__Directions__. Lines below that include "lies" are the answer; copy each one.

=== Section Start ===

(* Every perinormal domain $R$ satisfies (R$_1$), i.e., $R_{\mathfrak{p}}$ is a valuation domain for every height one prime $\mathfrak{p}$ of $R$.
   Context: All rings are commutative with identity; ''local'' means having a unique maximal ideal; an overring of a domain $R$ is a ring between $R$ and its fraction field. A ring extension $A \subseteq B$ satisfies going-down if whenever $\mathfrak{p} \subset \mathfrak{q}$ are primes of $A$ and $Q$ is a prime of $B$ with $Q \cap A = \mathfrak{q}$, there is a prime $P \subseteq Q$ of $B$ with $P \cap A = \mathfrak{p}$. A domain $R$ is perinormal if every local overring $S$ of $R$ such that $R \subseteq S$ satisfies going-down is a localization of $R$. *)

(* A domain R is represented as a subring of a field K
   whose fraction field is K; overrings, localizations and ideals are
   represented as subsets (predicates) of K. *)
From mathcomp Require Import all_boot all_algebra.
Set Implicit Arguments. Unset Strict Implicit. Unset Printing Implicit Defensive.
Import GRing.Theory.
Local Open Scope ring_scope.

Section CommAlg.
Variable K : fieldType.
Implicit Types A B R S P Q I : K -> Prop.

Definition subset_of A B := forall x, A x -> B x.
Definition same_set A B := forall x, A x <-> B x.

Definition subring A : Prop :=
  A 0 /\ A 1 /\ (forall x y, A x -> A y -> A (x - y)) /\
  (forall x y, A x -> A y -> A (x * y)).

Definition frac_field_of R : Prop :=
  forall x : K, exists a b, R a /\ R b /\ b != 0 /\ x = a / b.

Definition overring R S : Prop := subring S /\ subset_of R S.

Definition ideal_of A I : Prop :=
  subset_of I A /\ I 0 /\ (forall x y, I x -> I y -> I (x + y)) /\
  (forall a x, A a -> I x -> I (a * x)).

Definition prime_of A P : Prop :=
  ideal_of A P /\ ~ P 1 /\
  (forall a b, A a -> A b -> P (a * b) -> P a \/ P b).

Definition maximal_of A M : Prop :=
  ideal_of A M /\ ~ M 1 /\
  (forall I, ideal_of A I -> ~ I 1 -> subset_of M I -> subset_of I M).

Definition local_ring A : Prop :=
  exists M, maximal_of A M /\ forall N, maximal_of A N -> same_set N M.

Definition contracts_to A Q p : Prop := forall x, A x -> (Q x <-> p x).

Definition going_down A B : Prop :=
  forall p q Q, prime_of A p -> prime_of A q -> subset_of p q ->
    prime_of B Q -> contracts_to A Q q ->
    exists P, prime_of B P /\ subset_of P Q /\ contracts_to A P p.

Definition mult_subset R (Sg : K -> Prop) : Prop :=
  subset_of Sg R /\ Sg 1 /\ ~ Sg 0 /\ (forall s t, Sg s -> Sg t -> Sg (s * t)).

Definition localization R (Sg : K -> Prop) : K -> Prop :=
  fun x => exists a s, R a /\ Sg s /\ x = a / s.

Definition is_localization_of R S : Prop :=
  exists Sg, mult_subset R Sg /\ same_set S (localization R Sg).

Definition perinormal R : Prop :=
  forall S, overring R S -> local_ring S -> going_down R S ->
    is_localization_of R S.

Definition zero_ideal : K -> Prop := fun x => x = 0.

Definition height_one R p : Prop :=
  prime_of R p /\ (exists x, p x /\ x != 0) /\
  (forall q, prime_of R q -> subset_of q p ->
     same_set q zero_ideal \/ same_set q p).

Definition prime_compl R p : K -> Prop := fun s => R s /\ ~ p s.

Definition valuation_domain V : Prop :=
  subring V /\ forall x : K, x != 0 -> V x \/ V x^-1.

End CommAlg.

(* By Zorn's lemma
   choose a pair (A, I), maximal for inclusion, of a subring A containing R_p
   and a proper ideal I of A containing p.  Maximality makes A local with
   maximal ideal I, and Chevalley's argument makes it a valuation ring: if
   neither x nor 1/x lies in A, maximality yields relations 1 = f(x) and
   1 = g(1/x) with coefficients in I, and the one of larger degree can be
   shortened using the other, until 1 lies in I.  Moreover I lies over p, so
   every prime of A lies over a prime contained in p; hence going-down for R
   in A only has to be checked for the primes (0) and p, where it is
   immediate.  Perinormality
   then makes A a localization R_S of R; the elements of S are units of A, so
   they avoid I and hence p, giving A = R_p. *)
From mathcomp Require Import all_boot all_algebra ring zify.
From mathcomp Require boolp classical_sets.
From Stdlib Require Import Classical.
Set Implicit Arguments. Unset Strict Implicit. Unset Printing Implicit Defensive.
Import GRing.Theory.
Local Open Scope ring_scope.

Section SubringsAndIdeals.
Variable K : fieldType.
Implicit Types A I : K -> Prop.

Lemma subring0 A : subring A -> A 0.
Proof. by case. Qed.

Lemma subring1 A : subring A -> A 1.
Proof. by case=> _ []. Qed.

Lemma subringB A x y : subring A -> A x -> A y -> A (x - y).
Proof. by move=> [_ [_ [AB _]]]; exact: AB. Qed.

Lemma subringM A x y : subring A -> A x -> A y -> A (x * y).
Proof. by move=> [_ [_ [_ AM]]]; exact: AM. Qed.

Lemma subringN A x : subring A -> A x -> A (- x).
Proof. by move=> HA Ax; rewrite -sub0r; exact: subringB (subring0 HA) Ax. Qed.

Lemma subringD A x y : subring A -> A x -> A y -> A (x + y).
Proof. by move=> HA Ax Ay; rewrite -[y]opprK; exact: subringB HA Ax (subringN HA Ay). Qed.

Lemma subring_exp A x n : subring A -> A x -> A (x ^+ n).
Proof.
move=> HA Ax; elim: n => [|n IH]; first by rewrite expr0; exact: subring1.
by rewrite exprS; exact: subringM.
Qed.

Lemma ideal_sub A I : ideal_of A I -> subset_of I A.
Proof. by case. Qed.

Lemma ideal0 A I : ideal_of A I -> I 0.
Proof. by case=> _ []. Qed.

Lemma idealD A I x y : ideal_of A I -> I x -> I y -> I (x + y).
Proof. by move=> [_ [_ [ID _]]]; exact: ID. Qed.

Lemma idealM A I a x : ideal_of A I -> A a -> I x -> I (a * x).
Proof. by move=> [_ [_ [_ IM]]]; exact: IM. Qed.

Lemma ideal_neq0 A I z : ideal_of A I -> ~ I z -> z != 0.
Proof. by move=> HI Iz; apply: contra_notN Iz => /eqP ->; exact: ideal0 HI. Qed.

Lemma ideal_inv_one A I u : ideal_of A I -> u != 0 -> A u^-1 -> I u -> I 1.
Proof. by move=> HI u0 Au' Iu; rewrite -(mulVf u0); exact: idealM HI Au' Iu. Qed.

Lemma zero_ideal_prime A : subring A -> prime_of A (@zero_ideal K).
Proof.
move=> HA; split; [|split].
- split; [|split; [|split]] => //.
  + by move=> _ ->; exact: subring0.
  + by move=> _ _ -> ->; rewrite addr0.
  + by move=> a _ _ ->; rewrite mulr0.
- by move=> E; have := oner_neq0 K; rewrite E eqxx.
- by move=> a b _ _ /eqP; rewrite mulf_eq0 => /orP [/eqP|/eqP]; [left|right].
Qed.

End SubringsAndIdeals.

Section PolynomialValues.
Variable K : fieldType.
Implicit Types A S I : K -> Prop.

(* [polyval S x n z] : z = s_0 + s_1 x + ... + s_n x^n with all s_i in S. *)
Fixpoint polyval S (x : K) (n : nat) : K -> Prop :=
  match n with
  | 0 => S
  | n'.+1 => fun z => exists d a, polyval S x n' d /\ S a /\ z = d + a * x ^+ n'.+1
  end.

Definition submodule A S := S 0 /\ (forall u v, S u -> S v -> S (u + v)) /\
  (forall a u, A a -> S u -> S (a * u)).

Lemma subring_submodule A : subring A -> submodule A A.
Proof.
move=> HA; split; first exact: subring0.
by split=> ? ? ? ?; [exact: subringD|exact: subringM].
Qed.

Lemma ideal_submodule A I : ideal_of A I -> submodule A I.
Proof. by move=> [_ [I0 [ID IM]]]. Qed.

Lemma polyval_submodule A S x n : submodule A S -> submodule A (polyval S x n).
Proof.
move=> HS; elim: n => [|n [IH0 [IHD IHM]]] //=.
have [S0 [SD SM]] := HS.
split; [|split].
- by exists 0, 0; do !split=> //; rewrite mul0r addr0.
- move=> _ _ [d [a [Hd [Sa ->]]]] [d' [a' [Hd' [Sa' ->]]]].
  by exists (d + d'), (a + a'); do !split; [exact: IHD|exact: SD|ring].
- move=> b _ Ab [d [a [Hd [Sa ->]]]].
  by exists (b * d), (b * a); do !split; [exact: IHM|exact: SM|ring].
Qed.

Lemma polyval_subset S S' x n z : subset_of S S' -> polyval S x n z -> polyval S' x n z.
Proof.
move=> SS'; elim: n z => [|n IH] z /=; first exact: SS'.
by move=> [d [a [Hd [Sa ->]]]]; exists d, a; do !split; [exact: IH|exact: SS'].
Qed.

Lemma polyval_succ S x n z : S 0 -> polyval S x n z -> polyval S x n.+1 z.
Proof. by move=> S0 Hz; exists z, 0; do !split=> //; rewrite mul0r addr0. Qed.

Lemma polyval_widen S x n m z : S 0 -> (n <= m)%N -> polyval S x n z -> polyval S x m z.
Proof.
move=> S0; elim: m => [|m IH]; first by rewrite leqn0 => /eqP ->.
rewrite leq_eqVlt => /orP [/eqP -> //|]; rewrite ltnS => le_nm Hz.
exact/polyval_succ/IH.
Qed.

Lemma polyval_add A S x n m u v : submodule A S ->
  polyval S x n u -> polyval S x m v -> polyval S x (n + m) (u + v).
Proof.
move=> HS Hu Hv; apply: (polyval_submodule x (n + m) HS).2.1.
  exact: (polyval_widen HS.1 (leq_addr _ _) Hu).
exact: (polyval_widen HS.1 (leq_addl _ _) Hv).
Qed.

Lemma polyval_monomial A S x a k n : submodule A S -> S a -> (k <= n)%N ->
  polyval S x n (a * x ^+ k).
Proof.
move=> HS Sa le_kn; apply: (polyval_widen HS.1 le_kn).
case: k {le_kn} => [|k] /=; first by rewrite expr0 mulr1.
exists 0, a; do !split=> //; last by rewrite add0r.
exact: (polyval_submodule x k HS).1.
Qed.

Lemma polyval_mulX A S x n z : submodule A S ->
  polyval S x n z -> polyval S x n.+1 (x * z).
Proof.
move=> HS; elim: n z => [|n IH] z /=.
  move=> Sz; exists 0, z; split; first exact: HS.1.
  by split=> //; rewrite expr1 add0r mulrC.
move=> [d [a [Hd [Sa ->]]]]; exists (x * d), a; do !split=> //; first exact: IH.
by rewrite [in RHS]exprS mulrDr mulrCA.
Qed.

Lemma polyval_mulXn A S x n k z : submodule A S ->
  polyval S x n z -> polyval S x (n + k) (x ^+ k * z).
Proof.
move=> HS Hz; elim: k => [|k IH]; first by rewrite addn0 expr0 mul1r.
by rewrite addnS exprS -mulrA; exact: polyval_mulX HS IH.
Qed.

Lemma polyval_mul A S x m n e d : submodule A S ->
  polyval A x m e -> polyval S x n d -> polyval S x (n + m) (e * d).
Proof.
move=> HS; elim: m e => [|m IH] e /=.
  by move=> Ae Hd; rewrite addn0; apply: (polyval_submodule x n HS).2.2.
move=> [e' [a [He' [Aa ->]]]] Hd.
have [_ [PD PM]] := polyval_submodule x (n + m.+1) HS.
rewrite mulrDl -mulrA; apply: PD.
  by rewrite addnS; apply: polyval_succ; [exact: HS.1|exact: IH].
by apply: PM => //; exact: polyval_mulXn HS Hd.
Qed.

Lemma polyval_split_const S y m z : polyval S y m.+1 z ->
  exists a h, S a /\ polyval S y m h /\ z = a + y * h.
Proof.
elim: m z => [|m IH] z /= [d [a [Hd [Sa ->]]]].
  by exists d, a; do !split=> //; rewrite expr1 mulrC.
have [a0 [h0 [Sa0 [Hh0 ->]]]] := IH d Hd.
exists a0, (h0 + a * y ^+ m.+1); do !split=> //; first by exists h0, a.
by rewrite exprS; ring.
Qed.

=== Section End ===

__Answer__.
   neither x nor 1/x lies in A, maximality yields relations 1 = f(x) and
   shortened using the other, until 1 lies in I.  Moreover I lies over p, so
   every prime of A lies over a prime contained in p; hence going-down for R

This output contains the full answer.